Перед отправлением назначенного ехать в столицу чиновника приводили нас к буниосу. Он желал, чтобы мы показали сему чиновнику, каким образом европейцы носят свои шпаги и шляпы, и велел их принести. Любопытство их и желание знать всякую безделицу простиралось до того, что они спрашивали нас, что значит, если офицер наденет шляпу вдоль, все ли их носят поперек, и всегда ли углом вперед или иногда назад. Они удивлялись и, казалось, не верили нам, когда мы им сказали, что в строю, для виду и порядка, офицеры носят шляпы таким образом, в прочем – кто как хочет, а в чинах и в достоинстве это не показывает никакой разности. После сего дошло дело до матросов, каким образом они носят свои шляпы.

Наконец, после всего, губернатор сказал, что живущим в столице любопытно будет видеть рост таких высоких людей, как русские, и что ему желательно было бы снять с нас мерку[97], почему нас всех тогда же с величайшей точностью смерили и рост наш записали.

Но этого было еще мало для любопытства японцев: они хотели послать в столицу наши портреты и поручили снять их Теске, о коем до сего времени мы и не знали, что он живописец. Теске нарисовал наши портреты тушью, но таким образом, что каждый из них годился для всех нас: кроме длинных наших бород, не было тут ничего похожего ни на одного из нас. Однакож японцы отправили сии рисунки в столицу, и, верно, их там приняли и поставили в картинную галлерею, как портреты бывших в плену у них русских.

Дня за два до своего отъезда чиновник, отправлявшийся в столицу, приходил к нам, сказав, что пришел с нами проститься и посмотреть, каково мы живем, чтобы он мог о содержании нашем дать отчет своему правительству; притом уверял он нас, что постарается всеми мерами доставить нашему делу самое счастливое окончание, и, пожелав нам здоровья, оставил нас. Из Мацмая же поехал он в исходе декабря, взяв с собою бывшего кунасирского начальника, помощника его, чиновника, давшего нам письмо на Итурупе, переводчиков курильского языка, употребленных при наших с ними переговорах, и несколько из здешних чиновников.

По отъезде их мы думали иметь покой, но ожидание наше было тщетно: чем более Теске успевал в нашем языке, тем более нам было трудов; впрочем, он нам казался человеком добрым, откровенным; многое мы от него узнали, чего Кумаджеро никогда бы нам не сказал, да и ему иногда препятствовал рассказывать о некоторых вещах.
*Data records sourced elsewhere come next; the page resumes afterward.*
(* A letter (m, e) of a word over [int * bool] stands for x_m = b^m a b^-m,
   inverted if e, except that (-2, e) stands for y = y_word = x_-2 x_-1^-1 x_0;
   these form a basis of the kernel of [height].  [rs_word h w] rewrites w, read
   from height h, in that basis. *)
Definition rs_letter (h : int) (e : bool) : seq (int * bool) :=
  if h == -2 then
    if e then [:: (-1, true); (0, false); (-2, true)]
    else [:: (-2, false); (0, true); (-1, false)]
  else [:: (h, e)].

Fixpoint rs_word (h : int) (w : seq letter) : seq (int * bool) :=
  if w is x :: w' then
    if x.1 then rs_word (h + letter_sign x.2) w' else rs_letter h x.2 ++ rs_word h w'
  else [::].

Definition basis_word (l : int * bool) : seq letter :=
  if l.1 == -2 then (if l.2 then winv y_word else y_word)
  else bpow l.1 ++ (false, l.2) :: bpow (- l.1).

Definition basis_expand (v : seq (int * bool)) : seq letter :=
  flatten (map basis_word v).

Lemma letter_signN e : letter_sign e + letter_sign (~~ e) = 0.
Proof. by case: e. Qed.

Lemma height_cat u v : height (u ++ v) = height u + height v.
Proof. by elim: u => [|x u IH] /=; rewrite ?add0r // IH addrA. Qed.

Lemma height_red w : height (red w) = height w.
Proof.
elim: w => // x w IH; rewrite red_cons /= -IH.
case: (red w) => [|y r] //=; case: eqP => //= ->.
case: x => [[] e] /=; last by rewrite !add0r.
by rewrite addrA letter_signN add0r.
Qed.

Lemma rs_word_cat h u v :
  rs_word h (u ++ v) = rs_word h u ++ rs_word (h + height u) v.
Proof.
elim: u h => [|x u IH] h /=; first by rewrite addr0.
case: ifP => _; first by rewrite IH addrA.
by rewrite IH add0r catA.
Qed.

Lemma rs_letter_negb h e : rs_letter h (~~ e) = winv (rs_letter h e).
Proof. by rewrite /rs_letter; case: eqP => _; case: e. Qed.

Lemma rs_word_red h w : red (rs_word h (red w)) = red (rs_word h w).
Proof.
elim: w h => // x w IH h; rewrite red_cons -[x :: w]cat1s rs_word_cat.
rewrite -red_catr -IH red_catr -rs_word_cat cat1s.
case: (red w) => [|y r] //=; case: eqP => //= ->.
case: x => [[] e] /=; first by rewrite -addrA letter_signN addr0.
by rewrite rs_letter_negb -(cat0s (rs_letter h e ++ _)) red_cat_winv_mid.
Qed.

Lemma winv_nseq n (x : letter) : winv (nseq n x) = nseq n (linv x).
Proof. by rewrite /winv map_nseq rev_nseq. Qed.

Lemma bpow_winv h : winv (bpow h) = bpow (- h).
Proof. by case: h => [[|n]|n] //; rewrite winv_nseq. Qed.

Lemma nseqSr n (x : letter) : nseq n.+1 x = nseq n x ++ [:: x].
Proof. by elim: n => //= n <-. Qed.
Вообще казалось, что Теске был расположен к нам лучше всех японцев; он редко приходил без какого-нибудь гостинца, да и губернатор стал к нам еще снисходительнее. Причиной сему также был Теске. Теперь мы узнали, что он отправлял у него должность секретаря и был в большой доверенности, которую употребил в нашу пользу и внушил ему самое выгодное о нас мнение, несмотря на то, что мы с ним частенько ссорились. Причиною наших ссор было не другое что, как несносное его любопытство, которым он докучал нам ужасным образом.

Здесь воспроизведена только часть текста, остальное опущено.